Euan, did you already add files to ext/hal/ folder? Have you talked to Maureen
Helm, the ARM architecture maintainer? Should we agree on folder structure
so support for future Atmel chips can be easily added?
I agree it would make sense to add the device header files from Atmel to ext/hal. We already have the CMSIS Core header files from ARM in ext/hal/cmsis, which are being used by the NXP ksdk and Nordic mdk. As far as folder structure goes, I think anything under ext/hal/asf (or whatever we end up calling it) has some freedom to do what makes sense. For ext/hal/cmsis and ext/hal/ksdk, I tried to preserve the structure from the original source as much as possible. The folder structure under arch/arm/soc is intended to be more standardized, though you may have noticed that some SoCs have a family/series hierarchy (nxp_kinetis) and some don't (atmel_sam3). To add SAM E70, we'll need to first convert the existing atmel_sam3 to the family/series hierarchy. Something like this:
I think we should only add header files that define register access and do not
add any device drivers. While header files are valuable the Atmel
implementation of device drivers looks low quality, at least the SAM E70
package.
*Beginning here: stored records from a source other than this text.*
(* Let $k$ be a field of characteristic zero, let $q\in k\setminus\{0\}$, and let $f=a/b\in k(x,y)$ with $a,b\in k[x,y]$, $b\neq 0$. Let $d\in k[y]$ be an irreducible polynomial which divides $b$. Then: (i) $\operatorname{res}_{D_y}(\sigma_x(f),d)=\sigma_x(\operatorname{res}_{D_y}(f,d))$; (ii) $\operatorname{res}_{D_y}(\tau_{x,q}(f),d)=\tau_{x,q}(\operatorname{res}_{D_y}(f,d))$; (iii) $\operatorname{res}_{\sigma_y}(\tau_{x,q}(f),d,j)=\tau_{x,q}(\operatorname{res}_{\sigma_y}(f,d,j))$ for all $j\in\mathbb{N}$.
   Context: On $k(x,y)$ define the automorphisms $\sigma_x(f(x,y))=f(x+1,y)$, $\sigma_y(f(x,y))=f(x,y+1)$ and $\tau_{x,q}(f(x,y))=f(qx,y)$. Regard $k(x,y)=K(y)$ with $K=k(x)$. $D_y$-residue: every $f\in K(y)$ can be written uniquely as $f=p+\sum_{i=1}^n\sum_{j=1}^{m_i} a_{i,j}/d_i^j$ with $p,a_{i,j}\in K[y]$, $\deg_y(a_{i,j})<\deg_y(d_i)$, and the $d_i$ distinct monic irreducible polynomials in $K[y]$ (irreducible partial fraction decomposition); $\operatorname{res}_{D_y}(f,d_i):=a_{i,1}$ (and the residue at an irreducible $d$ not among the $d_i$ is $0$). $\sigma_y$-residue: two polynomials $p,p'$ are $\sigma_y$-equivalent if $p=\sigma_y^i(p')$ for some $i\in\mathbb{Z}$. Writing the irreducible partial fraction decomposition of $f$ with respect to $y$ over $K$ and grouping the terms whose denominators are powers of elements of the $\sigma_y$-orbit of the irreducible $d$, one gets uniquely $f=\sum_{j}\sum_{\ell} a_{j,\ell}/\sigma_y^{\ell}(d)^j+R$, where $a_{j,\ell}\in K[y]$, $\deg_y(a_{j,\ell})<\deg_y(d)$, and $R$ has no irreducible factor $\sigma_y$-equivalent to $d$ in its denominator. Then $\operatorname{res}_{\sigma_y}(f,d,j):=\sum_{\ell}\sigma_y^{-\ell}(a_{j,\ell})$, the $\sigma_y$-residue of $f$ at $d$ of multiplicity $j$. *)

From HB Require Import structures.
From mathcomp Require Import all_boot all_order all_algebra.
From Stdlib Require Import ClassicalEpsilon.
Set Implicit Arguments. Unset Strict Implicit. Unset Printing Implicit Defensive.
Import Order.TTheory GRing.Theory Num.Theory.
Local Open Scope ring_scope.

Notation "x %:F" := (@FracField.tofrac _ x) : ring_scope.

(* K = k(x) and k(x,y) = K(y). Polynomials {poly {poly k}} are k[x,y],
   outer variable y, inner variable x. *)
Definition KK (k : fieldType) := {fraction {poly k}}.
Definition FF (k : fieldType) := {fraction {poly KK k}}.

Definition frac_map (R : idomainType) (g : R -> R) (u : {fraction R})
  : {fraction R} :=
  let r := repr u in (g (frac r).1)%:F / (g (frac r).2)%:F.

Definition sigx_K (k : fieldType) : KK k -> KK k :=
  frac_map (fun p : {poly k} => p \Po ('X + 1)).
Definition taux_K (k : fieldType) (q : k) : KK k -> KK k :=
  frac_map (fun p : {poly k} => p \Po (q *: 'X)).

Definition sigx_Ky (k : fieldType) (p : {poly KK k}) : {poly KK k} :=
  map_poly (@sigx_K k) p.
Definition taux_Ky (k : fieldType) (q : k) (p : {poly KK k}) : {poly KK k} :=
  map_poly (taux_K q) p.

Definition sigx (k : fieldType) : FF k -> FF k := frac_map (@sigx_Ky k).
Definition taux (k : fieldType) (q : k) : FF k -> FF k := frac_map (taux_Ky q).

Definition sigy_pow (k : fieldType) (l : int) (p : {poly KK k}) : {poly KK k} :=
  p \Po ('X + (l%:~R)%:P).

Definition kxy_to_F (k : fieldType) (a : {poly {poly k}}) : FF k :=
  (map_poly (fun c : {poly k} => c%:F) a)%:F.
Definition ky_to_Ky (k : fieldType) (d : {poly k}) : {poly KK k} :=
  map_poly (fun c : k => (c%:P)%:F) d.
Definition ky_to_kxy (k : fieldType) (d : {poly k}) : {poly {poly k}} :=
  map_poly polyC d.

(* Irreducible partial fraction decomposition of f in K(y):
   f = p + \sum_{(d_i, [a_{i,1}; ...; a_{i,m_i}]) in D} \sum_j a_{i,j} / d_i^j,
   with the d_i distinct monic irreducible and deg a_{i,j} < deg d_i. *)
Definition is_pfd (k : fieldType) (f : FF k) (p : {poly KK k})
    (D : seq ({poly KK k} * seq {poly KK k})) : Prop :=
  [/\ uniq (map fst D),
      (forall e, e \in D -> e.1 \is monic /\ irreducible_poly e.1),
      (forall e, e \in D -> forall a, a \in e.2 -> (size a < size e.1)%N) &
      f = p%:F + \sum_(e <- D) \sum_(j < size e.2)
                   (e.2`_j)%:F / (e.1 ^+ j.+1)%:F ].

(* a chosen decomposition (it exists, and the residues do not depend on the
   choice) *)
Definition pfd (k : fieldType) (f : FF k)
  : {poly KK k} * seq ({poly KK k} * seq {poly KK k}) :=
  epsilon (inhabits (0, [::])) (fun pD => is_pfd f pD.1 pD.2).

Definition monicize (k : fieldType) (d : {poly KK k}) : {poly KK k} :=
  (lead_coef d)^-1 *: d.

(* D_y-residue of f at the irreducible d (taken up to normalization of d) *)
Definition res_Dy (k : fieldType) (f : FF k) (d : {poly KK k}) : {poly KK k} :=
  \sum_(e <- (pfd f).2 | e.1 == monicize d) e.2`_0.

(* sigma_y-residue of f at d of multiplicity j (j >= 1; defined as 0 for j = 0):
   sum over the denominators d_i = sigma_y^l (d) of sigma_y^{-l}(a_{i,j}) *)
Definition res_sigy (k : fieldType) (f : FF k) (d : {poly KK k}) (j : nat)
  : {poly KK k} :=
  if j == 0%N then 0 else
  \sum_(e <- (pfd f).2)
     let l := epsilon (inhabits 0%Z)
                (fun l : int => e.1 = sigy_pow l (monicize d)) in
     if e.1 == sigy_pow l (monicize d) then sigy_pow (- l) (e.2`_(j.-1)) else 0.

(* sigma_x and tau_{x,q} are automorphisms of K = k(x) fixing k.  Acting
   coefficientwise on K[y] they preserve monicity, irreducibility and degrees,
   so they carry an irreducible partial fraction decomposition of f to one of
   the image of f; by uniqueness of such decompositions, the numerator of
   1/u^j in the image is the image of the numerator of 1/u^j in f.  The
   polynomial d has coefficients in k, hence is fixed, and the automorphisms
   commute with sigma_y, so they commute with both residues.  As [pfd] is
   defined by choice, existence of decompositions is needed as well.  Neither
   char k = 0 nor the hypotheses on d and b play a role. *)

From HB Require Import structures.
From mathcomp Require Import all_boot all_order all_algebra.
From Stdlib Require Import ClassicalEpsilon Classical.
From Stdlib Require Import FunctionalExtensionality PropExtensionality.
From mathcomp Require Import ring.
Set Implicit Arguments. Unset Strict Implicit. Unset Printing Implicit Defensive.
Import GRing.Theory.
Local Open Scope ring_scope.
The way API is written is not directly useful for any serious
development, neither it follows CMSIS standard. While some drivers look good,
some are incomplete and some are buggy. We would need to fix them and
cooperate with Atmel to push changes upstream. I reckon using third party
source code which is not maintained in open source model is not a viable long
term solution. Not mentioning the fact that device drivers will have to be tightly
integrated with Zephyr kernel. I believe it's easier to write our own drivers
from scratch. Anyway, that's only my opinion.
I can't comment on the state of the Atmel drivers, but at least for NXP we do a lot of testing on the ksdk drivers and they are actively maintained. Intel is doing a similar thing with their qmsi drivers.
The text of SAM Software Package License included in the source code (and
header files) looks actually very permissive but IANAL, also the ext/hal/ folder
has already a selection of proprietary code with similar licenses. In any case we
should probably get an official green light from someone.
IANAL either, but will check with someone at LF on this.